Lemma sum_succs z (G : state -> R) :
  \sum_(w <- succs z) G w = \sum_s (G (step s 1 z) + G (step s (-1) z)).
Proof.
rewrite /succs big_map big_allpairs big_enum /=.
rewrite (eq_bigl xpredT) => [|s]; last by rewrite in_setT.
by apply: eq_bigr => s _; rewrite !big_cons big_nil addr0.
Qed.

Lemma trans_step_up z s : P z (step s 1 z) = pi s * prob z s.
Proof.
rewrite /trans (bigD1 s) //= big1 => [|s' ns'].
  by rewrite !step_inj // !eqxx /= mulr1 mulr0 !addr0.
by rewrite !step_inj // eq_sym (negbTE ns') !mulr0 addr0 mulr0.
Qed.

Lemma trans_step_down z s : P z (step s (-1) z) = pi s * (1 - prob z s).
Proof.
rewrite /trans (bigD1 s) //= big1 => [|s' ns'].
  by rewrite !step_inj // !eqxx /= mulr1 mulr0 add0r addr0.
by rewrite !step_inj // eq_sym (negbTE ns') !mulr0 addr0 mulr0.
Qed.

Definition expect1_at z F s : R :=
  pi s * prob z s * F (step s 1 z) + pi s * (1 - prob z s) * F (step s (-1) z).

Lemma expect1E z F : expect1 z F = \sum_s expect1_at z F s.
Proof.
by rewrite /expect1 sum_succs; apply: eq_bigr => s _; rewrite trans_step_up trans_step_down.
Qed.

Lemma trans_expect1 z y : P z y = expect1 z (fun w => (w == y)%:R).
Proof.
by rewrite expect1E /trans; apply: eq_bigr => s _; rewrite mulrDr !mulrA ![y == _]eq_sym.
Qed.

Lemma expect1D z F G : expect1 z (fun w => F w + G w) = expect1 z F + expect1 z G.
Proof. by rewrite /expect1 -big_split; apply: eq_bigr => w _; rewrite mulrDr. Qed.

Lemma expect1B z F G : expect1 z (fun w => F w - G w) = expect1 z F - expect1 z G.
Proof. by rewrite /expect1 -sumrB; apply: eq_bigr => w _; rewrite mulrBr. Qed.

Lemma expect1Z z c F : expect1 z (fun w => c * F w) = c * expect1 z F.
Proof. by rewrite /expect1 mulr_sumr; apply: eq_bigr => w _; rewrite mulrCA. Qed.

Lemma expect1_sum z n (F : nat -> state -> R) :
  expect1 z (fun w => \sum_(k < n) F k w) = \sum_(k < n) expect1 z (F k).
Proof. by rewrite /expect1 exchange_big; apply: eq_bigr => w _; rewrite mulr_sumr. Qed.

Lemma PnS n x y : Pn n.+1 x y = expect1 x (Pn n ^~ y).
Proof. by []. Qed.

Hypotheses (q_gt0 : 0 < 1 - p) (q_lt_p : 1 - p < p).
Hypothesis pi_gt0 : forall s, 0 < pi s.

Lemma prob1_ge z s : 1 - p <= prob z s.
Proof. by move: q_lt_p; rewrite /prob1; do 2?case: ifP => _; lra. Qed.

Lemma prob1_le z s : prob z s <= p.
Proof. by move: q_lt_p; rewrite /prob1; do 2?case: ifP => _; lra. Qed.

Lemma expect1_at_ge0 z F s : (forall w, 0 <= F w) -> 0 <= expect1_at z F s.
Proof.
move=> F0; have := prob1_ge z s; have := prob1_le z s; have := q_gt0 => q0 le_p ge_q.
have [prob0 probN0] : 0 <= prob z s /\ 0 <= 1 - prob z s by split; lra.
by rewrite addr_ge0 // !mulr_ge0 // ltW.
Qed.

Lemma expect1_ge0 z F : (forall w, 0 <= F w) -> 0 <= expect1 z F.
Proof. by move=> F0; rewrite expect1E sumr_ge0 // => s _; apply: expect1_at_ge0. Qed.

Lemma expect1_le z F G : (forall w, F w <= G w) -> expect1 z F <= expect1 z G.
Proof. by move=> FG; rewrite -subr_ge0 -expect1B expect1_ge0 // => w; rewrite subr_ge0. Qed.

Lemma expect1_ge_at z F s : (forall w, 0 <= F w) -> expect1_at z F s <= expect1 z F.
Proof.
move=> F0; rewrite expect1E (bigD1 s) //= lerDl.
by apply: sumr_ge0 => i _; apply: expect1_at_ge0.
Qed.

Lemma expect1_ge_step z F s t : (t == 1) || (t == -1) -> (forall w, 0 <= F w) ->
  pi s * (1 - p) * F (step s t z) <= expect1 z F.
Proof.
move=> t1 F0; apply: le_trans _ (expect1_ge_at z F s F0); rewrite /expect1_at.
have := prob1_ge z s; have := prob1_le z s; have := q_gt0 => q0 le_p ge_q.
have pis0 := ltW (pi_gt0 s).
case/orP: t1 => /eqP ->.
- rewrite -[leLHS]addr0 lerD // ?ler_wpM2r // ?ler_wpM2l //.
  by rewrite !mulr_ge0 // subr_ge0; lra.
- rewrite -[leLHS]add0r lerD // ?ler_wpM2r // ?ler_wpM2l ?lerD2l ?lerN2 //.
  by rewrite !mulr_ge0 //; lra.
Qed.

Lemma Pn_ge0 n x y : 0 <= Pn n x y.
Proof. by elim: n x => [|n IH] x; rewrite ?ler0n // PnS expect1_ge0. Qed.

Hypothesis pi_sum1 : \sum_s pi s = 1.

Lemma expect1_cst z c : expect1 z (fun=> c) = c.
Proof.
rewrite expect1E -[RHS]mul1r -pi_sum1 mulr_suml.
by apply: eq_bigr => s _; rewrite /expect1_at; ring.
Qed.

Local Notation Fn := (Fn wo wm1 wm2 ws p pi).

(* [avoid y n z]: probability that the chain started at [z] does not visit [y]
   at any of the times [1, ..., n]. *)
Fixpoint avoid (y : state) (n : nat) (z : state) : R :=
  if n is n'.+1 then expect1 z (fun w => (w != y)%:R * avoid y n' w) else 1.

Lemma avoidS y n z :
  avoid y n.+1 z = expect1 z (fun w => (w != y)%:R * avoid y n w).
Proof. by []. Qed.

Lemma Fn_avoid y n z : Fn n.+1 z y = avoid y n z - avoid y n.+1 z.
Proof.
elim: n z => [|n IH] z.
  rewrite /= trans_expect1 -[X in X - _](expect1_cst z) -expect1B.
  by congr expect1; apply: funext => w; case: (w == y); rewrite ?mulr1 ?subrr ?subr0.
rewrite -[LHS]/(\sum_(w <- succs z | w != y) P z w * Fn n.+1 w y).
rewrite big_mkcond !avoidS -expect1B /expect1; apply: eq_bigr => w _.
by case: (w != y); rewrite ?mulr1n ?mulr0n ?mul1r ?mul0r ?subrr ?mulr0 // IH.
Qed.

Lemma avoid_ge0 y n z : 0 <= avoid y n z.
Proof. by elim: n z => [|n IH] z //=; rewrite expect1_ge0 // => w; rewrite mulr_ge0. Qed.

Lemma avoidS_le y n z : avoid y n.+1 z <= avoid y n z.
Proof.
elim: n z => [|n IH] z /=.
  rewrite -[leRHS](expect1_cst z); apply: expect1_le => w.
  by case: (w != y); rewrite ?mulr1n ?mulr0n ?mulr1 ?mul0r.
by apply: expect1_le => w; apply: ler_wpM2l => //; apply: IH.
Qed.

Lemma avoid_le y m n z : (m <= n)%N -> avoid y n z <= avoid y m z.
Proof.
move=> /subnK <-; elim: (n - m)%N => [|k IH]; first by rewrite add0n.
exact: le_trans (avoidS_le y _ z) IH.
Qed.

Lemma Fn_ge0 y n z : 0 <= Fn n z y.
Proof. by case: n => [|n]; rewrite ?Fn_avoid ?subr_ge0 ?avoidS_le. Qed.

Lemma series_Fn y n : series (fun k => Fn k y y) n.+1 = 1 - avoid y n y.
Proof.
elim: n => [|n IH]; first by rewrite seriesSr /series /= big_geq // add0r subrr.
by rewrite seriesSr IH Fn_avoid; ring.
Qed.

Lemma series_nFn y n : series (fun k => k%:R * Fn k y y) n.+1 =
  \sum_(k < n) avoid y k y - n%:R * avoid y n y.
Proof.
elim: n => [|n IH].
  by rewrite seriesSr /series /= big_geq // big_ord0 !mul0r subrr addr0.
by rewrite seriesSr IH Fn_avoid big_ord_recr /= -natr1; ring.
Qed.

Section Lyapunov.
Variables (y : state) (V : state -> R).
Hypothesis V_ge0 : forall w, 0 <= V w.
Hypothesis V_drift : forall z, z != y -> 1 + expect1 z V <= V z.

Lemma sum_avoidS n z : \sum_(k < n.+1) avoid y k z =
  1 + expect1 z (fun w => (w != y)%:R * \sum_(k < n) avoid y k w).
Proof.
rewrite big_ord_recl /=; congr (_ + _).
rewrite -(expect1_sum z n (fun k w => (w != y)%:R * avoid y k w)).
by congr expect1; apply: funext => w; rewrite mulr_sumr.
Qed.

(* [\sum_(k < n) avoid y k z] is the expected number of steps, capped at [n],
   to reach [y] from [z]. *)
Lemma sum_avoid_le_V n z : z != y -> \sum_(k < n) avoid y k z <= V z.
Proof.
elim: n z => [|n IH] z nzy; first by rewrite big_ord0.
rewrite sum_avoidS; apply: le_trans _ (V_drift _ nzy); rewrite lerD2l.
by apply: expect1_le => w; case: eqVneq => [_|/IH]; rewrite ?mul0r ?mul1r.
Qed.

Lemma sum_avoid_le n : \sum_(k < n) avoid y k y <= 1 + expect1 y V.
Proof.
case: n => [|n]; first by rewrite big_ord0 addr_ge0 ?expect1_ge0.
rewrite sum_avoidS lerD2l; apply: expect1_le => w.
by case: eqVneq => [_|/sum_avoid_le_V]; rewrite ?mul0r ?mul1r.
Qed.

Lemma mul_avoid_le n : n%:R * avoid y n y <= 1 + expect1 y V.
Proof.
apply: le_trans _ (sum_avoid_le n).
have : \sum_(k < n) avoid y n y <= \sum_(k < n) avoid y k y.
  by apply: ler_sum => k _; apply/avoid_le/ltnW.
by rewrite sumr_const card_ord mulr_natl.
Qed.

Lemma avoid_cvg0 : avoid y n y @[n --> \oo] --> 0.
Proof.
rewrite -cvg_shiftS; apply: (@squeeze_cvgr _ _ _ _ (fun=> 0)
  (fun n => (1 + expect1 y V) * harmonic n)); last 2 first.
- exact: cvg_cst.
- by rewrite -(mulr0 (1 + expect1 y V)); apply: cvgM; [exact: cvg_cst | exact: cvg_harmonic].
apply: nearW => n /=; rewrite -avoidS avoid_ge0 ler_pdivlMr ?ltr0n //.
by rewrite mulrC mul_avoid_le.
Qed.

Lemma recurrent_of_drift : recurrent wo wm1 wm2 ws p pi y.
Proof.
rewrite /recurrent -cvg_shiftS.
have -> : [sequence series (fun k => Fn k y y) n.+1]_n = (fun n => 1 - avoid y n y).
  by apply: funext => n; rewrite /= series_Fn.
by have := cvgB (cvg_cst (1 : R)) avoid_cvg0; rewrite subr0; apply.
Qed.

Lemma positive_recurrent_of_drift : positive_recurrent wo wm1 wm2 ws p pi y.
Proof.
split; first exact: recurrent_of_drift.
apply: nondecreasing_is_cvgn.
  apply: nondecreasing_series => k _ _ /=.
  by rewrite mulr_ge0 ?Fn_ge0.
exists (1 + expect1 y V) => _ [[|n] _ <-].
  by rewrite /series /= big_geq // addr_ge0 ?expect1_ge0.
rewrite /= series_nFn; apply: le_trans _ (sum_avoid_le n).
by rewrite lerBlDr lerDl mulr_ge0 ?avoid_ge0.
Qed.

End Lyapunov.

Lemma Pn_step_gt0 n x y s t : (t == 1) || (t == -1) ->
  0 < Pn n (step s t x) y -> 0 < Pn n.+1 x y.
Proof.
move=> t1 Pn_gt0; rewrite PnS.
apply: lt_le_trans _ (expect1_ge_step x _ s t t1 (fun w => Pn_ge0 n w y)).
by rewrite !mulr_gt0.
Qed.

#####

### EXERCISE INSTRUCTIONS
Beginning at the line with "Lemma mul_avoid_le n" and stopping after the line with "rewrite /recurrent -cvg_shiftS.", please write out every line of the data above exactly and nothing else.

### TASK SOLUTION
Lemma mul_avoid_le n : n%:R * avoid y n y <= 1 + expect1 y V.
Proof.
apply: le_trans _ (sum_avoid_le n).
have : \sum_(k < n) avoid y n y <= \sum_(k < n) avoid y k y.
  by apply: ler_sum => k _; apply/avoid_le/ltnW.
by rewrite sumr_const card_ord mulr_natl.
Qed.

Lemma avoid_cvg0 : avoid y n y @[n --> \oo] --> 0.
Proof.
rewrite -cvg_shiftS; apply: (@squeeze_cvgr _ _ _ _ (fun=> 0)
  (fun n => (1 + expect1 y V) * harmonic n)); last 2 first.
- exact: cvg_cst.
- by rewrite -(mulr0 (1 + expect1 y V)); apply: cvgM; [exact: cvg_cst | exact: cvg_harmonic].
apply: nearW => n /=; rewrite -avoidS avoid_ge0 ler_pdivlMr ?ltr0n //.
by rewrite mulrC mul_avoid_le.
Qed.

Lemma recurrent_of_drift : recurrent wo wm1 wm2 ws p pi y.
Proof.
rewrite /recurrent -cvg_shiftS.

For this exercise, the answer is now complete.